• _Exercise directions_
Across the material below, say how many lines contain the string "complex", and add no other words.

☆ ☆ ☆ ☆ ☆

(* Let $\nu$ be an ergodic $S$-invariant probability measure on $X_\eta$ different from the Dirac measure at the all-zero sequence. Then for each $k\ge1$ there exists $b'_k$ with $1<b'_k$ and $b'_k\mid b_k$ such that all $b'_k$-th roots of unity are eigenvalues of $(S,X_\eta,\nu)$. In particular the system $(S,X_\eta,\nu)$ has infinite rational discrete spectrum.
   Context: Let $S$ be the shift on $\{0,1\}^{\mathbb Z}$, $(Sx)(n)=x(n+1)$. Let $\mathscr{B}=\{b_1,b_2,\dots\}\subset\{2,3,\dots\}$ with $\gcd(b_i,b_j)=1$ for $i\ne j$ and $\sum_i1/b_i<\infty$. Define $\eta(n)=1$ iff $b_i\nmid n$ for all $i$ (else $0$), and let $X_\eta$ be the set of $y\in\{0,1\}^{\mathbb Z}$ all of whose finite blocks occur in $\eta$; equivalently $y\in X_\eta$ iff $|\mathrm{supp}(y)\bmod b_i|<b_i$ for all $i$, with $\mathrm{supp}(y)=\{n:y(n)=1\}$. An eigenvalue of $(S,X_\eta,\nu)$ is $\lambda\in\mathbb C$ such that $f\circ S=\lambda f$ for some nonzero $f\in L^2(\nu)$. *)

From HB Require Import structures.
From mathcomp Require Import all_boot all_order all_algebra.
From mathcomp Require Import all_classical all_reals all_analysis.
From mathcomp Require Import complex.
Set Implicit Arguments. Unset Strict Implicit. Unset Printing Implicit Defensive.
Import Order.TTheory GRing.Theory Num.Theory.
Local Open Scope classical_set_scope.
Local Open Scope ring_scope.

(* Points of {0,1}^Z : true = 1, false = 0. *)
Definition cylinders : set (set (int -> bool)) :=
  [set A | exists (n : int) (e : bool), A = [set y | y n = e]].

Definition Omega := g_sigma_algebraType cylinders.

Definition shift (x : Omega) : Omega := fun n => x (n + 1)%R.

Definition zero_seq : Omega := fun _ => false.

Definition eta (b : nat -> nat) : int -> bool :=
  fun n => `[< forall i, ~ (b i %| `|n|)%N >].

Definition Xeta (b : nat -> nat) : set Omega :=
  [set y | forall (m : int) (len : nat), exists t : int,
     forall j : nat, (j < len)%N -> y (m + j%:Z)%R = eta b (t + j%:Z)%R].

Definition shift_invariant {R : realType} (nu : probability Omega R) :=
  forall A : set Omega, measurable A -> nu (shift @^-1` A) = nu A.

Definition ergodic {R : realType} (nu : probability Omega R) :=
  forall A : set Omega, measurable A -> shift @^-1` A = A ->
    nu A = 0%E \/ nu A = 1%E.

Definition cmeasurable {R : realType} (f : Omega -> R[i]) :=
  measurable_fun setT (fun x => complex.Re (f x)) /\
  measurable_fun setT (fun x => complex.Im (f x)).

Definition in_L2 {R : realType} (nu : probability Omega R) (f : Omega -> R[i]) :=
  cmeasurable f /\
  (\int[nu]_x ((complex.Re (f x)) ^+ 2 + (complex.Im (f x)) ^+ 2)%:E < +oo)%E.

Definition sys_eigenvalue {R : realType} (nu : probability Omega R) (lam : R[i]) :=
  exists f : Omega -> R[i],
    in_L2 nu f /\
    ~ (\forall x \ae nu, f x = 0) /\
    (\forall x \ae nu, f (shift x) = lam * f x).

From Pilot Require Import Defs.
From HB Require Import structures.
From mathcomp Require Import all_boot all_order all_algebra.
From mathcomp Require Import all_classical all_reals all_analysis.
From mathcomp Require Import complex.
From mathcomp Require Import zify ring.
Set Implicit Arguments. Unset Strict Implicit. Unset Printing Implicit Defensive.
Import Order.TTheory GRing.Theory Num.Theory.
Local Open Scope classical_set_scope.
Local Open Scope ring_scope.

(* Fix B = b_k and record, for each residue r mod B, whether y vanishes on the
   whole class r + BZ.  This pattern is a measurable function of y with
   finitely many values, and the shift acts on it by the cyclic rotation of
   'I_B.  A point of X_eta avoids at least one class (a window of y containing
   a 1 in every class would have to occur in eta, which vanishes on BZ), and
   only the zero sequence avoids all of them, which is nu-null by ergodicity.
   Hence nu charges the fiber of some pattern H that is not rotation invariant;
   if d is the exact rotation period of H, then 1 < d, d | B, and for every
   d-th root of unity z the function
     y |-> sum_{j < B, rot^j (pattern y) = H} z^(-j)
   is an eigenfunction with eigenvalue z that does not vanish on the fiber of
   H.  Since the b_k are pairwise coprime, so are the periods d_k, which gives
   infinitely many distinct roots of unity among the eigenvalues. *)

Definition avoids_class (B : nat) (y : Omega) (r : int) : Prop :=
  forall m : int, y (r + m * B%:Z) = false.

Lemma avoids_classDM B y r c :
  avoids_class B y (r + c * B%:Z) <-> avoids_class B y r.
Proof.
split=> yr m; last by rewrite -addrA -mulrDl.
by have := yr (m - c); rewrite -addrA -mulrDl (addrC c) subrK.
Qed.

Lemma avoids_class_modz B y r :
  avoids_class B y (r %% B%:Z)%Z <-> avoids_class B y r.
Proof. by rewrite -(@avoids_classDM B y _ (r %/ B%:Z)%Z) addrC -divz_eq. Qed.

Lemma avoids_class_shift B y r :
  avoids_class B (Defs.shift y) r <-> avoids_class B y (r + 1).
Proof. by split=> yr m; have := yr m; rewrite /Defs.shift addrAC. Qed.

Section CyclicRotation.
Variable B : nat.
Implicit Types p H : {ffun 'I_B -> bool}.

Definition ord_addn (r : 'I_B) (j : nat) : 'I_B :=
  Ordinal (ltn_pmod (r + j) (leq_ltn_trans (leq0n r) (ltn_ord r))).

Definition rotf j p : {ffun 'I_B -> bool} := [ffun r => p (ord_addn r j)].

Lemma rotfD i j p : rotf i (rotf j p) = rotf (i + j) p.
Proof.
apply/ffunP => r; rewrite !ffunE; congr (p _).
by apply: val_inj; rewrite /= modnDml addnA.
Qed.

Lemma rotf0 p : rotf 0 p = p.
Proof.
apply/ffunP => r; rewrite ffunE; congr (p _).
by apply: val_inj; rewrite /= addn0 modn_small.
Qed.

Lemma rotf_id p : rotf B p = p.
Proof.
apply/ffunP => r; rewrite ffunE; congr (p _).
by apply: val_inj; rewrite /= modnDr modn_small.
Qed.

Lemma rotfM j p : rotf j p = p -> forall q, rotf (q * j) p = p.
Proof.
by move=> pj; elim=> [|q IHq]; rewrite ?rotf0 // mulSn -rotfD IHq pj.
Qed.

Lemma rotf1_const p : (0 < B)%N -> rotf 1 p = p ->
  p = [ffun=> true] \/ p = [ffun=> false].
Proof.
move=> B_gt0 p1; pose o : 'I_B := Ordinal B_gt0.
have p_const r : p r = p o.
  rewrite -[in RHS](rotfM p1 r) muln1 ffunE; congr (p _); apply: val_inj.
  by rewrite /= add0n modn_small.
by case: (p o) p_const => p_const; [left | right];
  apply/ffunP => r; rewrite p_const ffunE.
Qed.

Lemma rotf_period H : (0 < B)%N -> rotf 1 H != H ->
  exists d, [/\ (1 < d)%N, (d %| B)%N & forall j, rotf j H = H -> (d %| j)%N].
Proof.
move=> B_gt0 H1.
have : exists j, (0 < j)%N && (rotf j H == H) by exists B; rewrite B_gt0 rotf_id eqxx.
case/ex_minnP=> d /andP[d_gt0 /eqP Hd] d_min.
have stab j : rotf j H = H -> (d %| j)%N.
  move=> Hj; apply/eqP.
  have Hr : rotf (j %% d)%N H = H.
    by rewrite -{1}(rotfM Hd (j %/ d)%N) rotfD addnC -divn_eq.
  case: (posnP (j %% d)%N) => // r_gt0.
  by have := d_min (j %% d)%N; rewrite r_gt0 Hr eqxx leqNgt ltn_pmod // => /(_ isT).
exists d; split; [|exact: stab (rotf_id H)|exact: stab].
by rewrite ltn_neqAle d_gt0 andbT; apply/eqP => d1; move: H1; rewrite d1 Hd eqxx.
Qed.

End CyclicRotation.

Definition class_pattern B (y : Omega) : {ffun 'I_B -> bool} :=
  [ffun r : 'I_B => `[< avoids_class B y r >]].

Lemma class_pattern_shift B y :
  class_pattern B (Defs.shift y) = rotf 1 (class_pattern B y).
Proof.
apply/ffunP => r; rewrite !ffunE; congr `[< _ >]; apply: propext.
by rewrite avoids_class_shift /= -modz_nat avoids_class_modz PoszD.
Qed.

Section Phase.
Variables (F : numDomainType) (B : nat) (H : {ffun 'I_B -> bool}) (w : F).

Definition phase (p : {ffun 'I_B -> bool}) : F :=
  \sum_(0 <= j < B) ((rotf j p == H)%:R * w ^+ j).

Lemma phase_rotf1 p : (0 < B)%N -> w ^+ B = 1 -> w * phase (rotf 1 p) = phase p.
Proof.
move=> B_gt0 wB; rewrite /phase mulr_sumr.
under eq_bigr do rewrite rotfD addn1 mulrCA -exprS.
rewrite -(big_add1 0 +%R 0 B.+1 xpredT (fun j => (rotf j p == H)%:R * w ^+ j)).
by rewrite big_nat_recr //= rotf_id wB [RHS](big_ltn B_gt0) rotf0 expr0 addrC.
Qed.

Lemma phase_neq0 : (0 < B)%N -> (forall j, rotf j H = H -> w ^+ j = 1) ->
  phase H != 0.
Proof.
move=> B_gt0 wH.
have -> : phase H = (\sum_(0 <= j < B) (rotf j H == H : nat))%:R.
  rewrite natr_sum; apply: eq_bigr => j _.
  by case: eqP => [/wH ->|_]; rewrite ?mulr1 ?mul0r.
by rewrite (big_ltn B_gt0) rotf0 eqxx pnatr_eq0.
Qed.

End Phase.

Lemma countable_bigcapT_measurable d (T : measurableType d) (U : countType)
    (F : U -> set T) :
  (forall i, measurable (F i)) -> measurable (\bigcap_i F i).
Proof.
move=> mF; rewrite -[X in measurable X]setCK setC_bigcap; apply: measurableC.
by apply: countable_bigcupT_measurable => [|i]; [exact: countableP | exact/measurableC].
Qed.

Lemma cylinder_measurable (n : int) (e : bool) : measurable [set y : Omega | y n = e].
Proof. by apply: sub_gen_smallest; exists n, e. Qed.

☆ ☆ ☆ ☆ ☆

• _Solution to this task_
5